Kursaal Centre

In spring 1990, San Sebastian’s City Hall organized an invitational competition to build an auditorium and congress center on the plot where the Gran Kursaal casino had stood.

The site of the Kursaal Centre at the mouth of the River Urumea is a geographical accident and was required to remain as such. The architect therefore proposed to erect a building that would not violate the river’s presence in the city. The convention centre and concert hall are conceived as separate autonomous volumes: two gigantic rocks stranded at the mouth of the river forming part of the landscape rather than belonging to the city. All other facilities the exhibition halls, meeting rooms, offices, a restaurant, and musician's services are located in the platform at the base of these cubes.
The concert hall is inscribed asymmetrically into the larger of the two prismatic volumes. The asymmetry is oriented in such a way that visitors entering the foyer are unconsciously led towards the highest level where Mount Urgull and the sea may be contemplated from a window which punctures the building s double wall, composed of a steel skeleton clad inside and out with special, laminated glass elements. Outside, glass surfaces provide protection against salt-laden sea winds, making the volume a dense, opaque, yet changing mass by day, and a mysterious and dazzling source of light by night.
Similar design and structural criteria were applied to the smaller convention centre, which is also inscribed into an inclined prism. Though the asymmetry here is less evident, the view from the foyer of Mount Ulía and the sea in the background is just as spectacular.
The open space of the platform below provides entrances to the auditorium and congress hall, information and ticket booths, and access to a 500-car parking structure. This plinth serves as the meeting space between the cultural centre and the city, opening onto Avenida de la Zurriola and providing a wide outdoor space for public access.
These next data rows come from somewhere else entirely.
Lemma solves_set_constraint kappa j k x :
  (forall i, solves (set_constraint kappa j k) x i) ->
  satisfies k (d j * x j 0) (z x j 0) /\ forall i, i != j -> solves kappa x i.
Proof.
move=> hx; split=> [|i ij]; first by have := hx j; rewrite /solves /set_constraint eqxx.
by have := hx i; rewrite /solves /set_constraint (negbTE ij).
Qed.

Lemma eq_of_pairing_ge0_at kappa j x y :
  (forall i, i != j -> solves kappa x i) -> (forall i, i != j -> solves kappa y i) ->
  0 <= pairing x y j -> x = y.
Proof.
move=> hx hy hj; apply: eq_of_pairing_ge0 => i; case: (eqVneq i j) => [->//|ij].
exact: satisfies_monotone (hx i ij) (hy i ij).
Qed.

Lemma solvable_selector kappa j : kappa j = Selector ->
  solvable (set_constraint kappa j (Pinned 0)) -> solvable (set_constraint kappa j (Pinned 1)) ->
  solvable (set_constraint kappa j Balanced) -> solvable kappa.
Proof.
move=> kj [y0 /solves_set_constraint [/= t0 s0]] [y1 /solves_set_constraint [/= t1 s1]].
move=> [yf /solves_set_constraint [/= zf sf]].
have solvable_at x : (forall i, i != j -> solves kappa x i) ->
    in_h (z x j 0) (d j * x j 0) -> solvable kappa.
  move=> hx hj; exists x => i; case: (eqVneq i j) => [->|ij]; last exact: hx.
  by rewrite /solves kj.
case: (lerP (z y0 j 0) 0) => [z0_le0|z0_gt0].
  by apply: (solvable_at y0 s0); rewrite t0; exact: in_h_le0.
case: (lerP 0 (z y1 j 0)) => [z1_ge0|z1_lt0].
  by apply: (solvable_at y1 s1); rewrite t1; exact: in_h_ge0.
apply: (solvable_at yf sf); rewrite zf; apply: in_h0.
(* A value of [d j * yf j 0] outside [0, 1] would make [yf] coincide with [y0] or [y1]. *)
rewrite !leNgt; apply/andP; split; apply/negP => tf_out.
- have yf_y0 : yf = y0.
    by apply: (eq_of_pairing_ge0_at sf s0); rewrite /pairing t0 zf; apply: mulr_le0; lra.
  by move: tf_out; rewrite yf_y0 t0 ltxx.
- have yf_y1 : yf = y1.
    by apply: (eq_of_pairing_ge0_at sf s1); rewrite /pairing t1 zf; apply: mulr_ge0; lra.
  by move: tf_out; rewrite yf_y1 t1 ltxx.
Qed.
The challenge was to maintain the proposal’s abstraction while materializing and turning it into a building. This made the architect explore the potential of a material he had never worked with before: glass. Last but not least, the building is – for myriad reasons – indebted to the Sydney Opera House, on the one hand, and to the sculptures of Jorge Oteiza, on the other, as it was probably Oteiza who taught us how primary solids come alive when made sensitive to intervention, whether a sculptor’s or an architect’s, both having the power to animate them and instill in them the yearning for movement.